Parse a range string like "1-3" into start and end numbers.
Args:
range_str (str): Range string (e.g., "1-3")
Returns:
tuple[int, int]: Start and end numbers
"""
try:
start, end = map(int, range_str.split("-"))
return start, end
except ValueError:
raise ValueError("Invalid range format.
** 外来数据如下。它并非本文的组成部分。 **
Theorem theorem1 (R : realType) (s r m : nat)
  (L Rm : 'M[R]_s) (C G : 'M[R]_r) (Gam : 'M[R]_(s, r)) (B : 'M[R]_(s, m))
  (Vstar : 'cV[R]_r) (ubar : 'cV[R]_m) (Ibar : 'cV[R]_s) (ki kd : R) :
  \rank B = m ->
  posdef L -> posdef C -> psd Rm -> psd G ->
  (forall i, 0 <= Vstar i 0) ->
  0 = Gam *m Vstar + Rm *m Ibar - B *m ubar ->
  0 = Gam^T *m Ibar - G *m Vstar ->
  0 < kd -> 0 < ki ->
  cl_passive L Rm C G Gam B Ibar ki kd /\
  (forall x : R -> ext_state R s r m,
     closed_loop L Rm C G Gam B Ibar ki kd (fun _ => 0) x ->
     ((posdef Rm /\ posdef G) \/ (posdef G /\ \rank (Gam^T) = s)) ->
     converges_to_set x (@target_set R s r m B Ibar ki kd)).
Proof.
move=> B_full Lpos Cpos Rpsd Gpsd _ _ _ kd_gt0 ki_gt0; split.
  exact: closed_loop_passive (ltW kd_gt0) (ltW ki_gt0).
move=> x cl damped.
have [Gpos Id_damped] : posdef G /\ (posdef Rm \/ \rank Gam^T = s).
  by case: damped => [[? ?] | [? ?]]; split => //; [left | right].
exact: (closed_loop_converges Lpos Cpos cl Rpsd Gpos kd_gt0 ki_gt0 Id_damped B_full).
Qed.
Use 'start-end' (e.g., '1-3')")
def parse_list(list_str: str) -> List[str]:
"""
Parse a comma-separated string into a list of values.
Args:
list_str (str): Comma-separated string (e.g., "1,2,3")
Returns:
List[str]: List of values
"""
return [item.strip() for item in list_str.split(",")]
def main():
parser = argparse.ArgumentParser(description='Generate a series of URLs based on a pattern')
parser.add_argument('-u', '--url', required=True, help='Base URL with {p} as placeholder')
# Add mutually exclusive group for range or list
group = parser.add_mutually_exclusive_group(required=True)
group.add_argument('-r', '--range', help='Range of numbers (e.g., "1-3")')
group.add_argument('-l', '--list', help='Comma-separated list of values (e.g., "1,2,3")')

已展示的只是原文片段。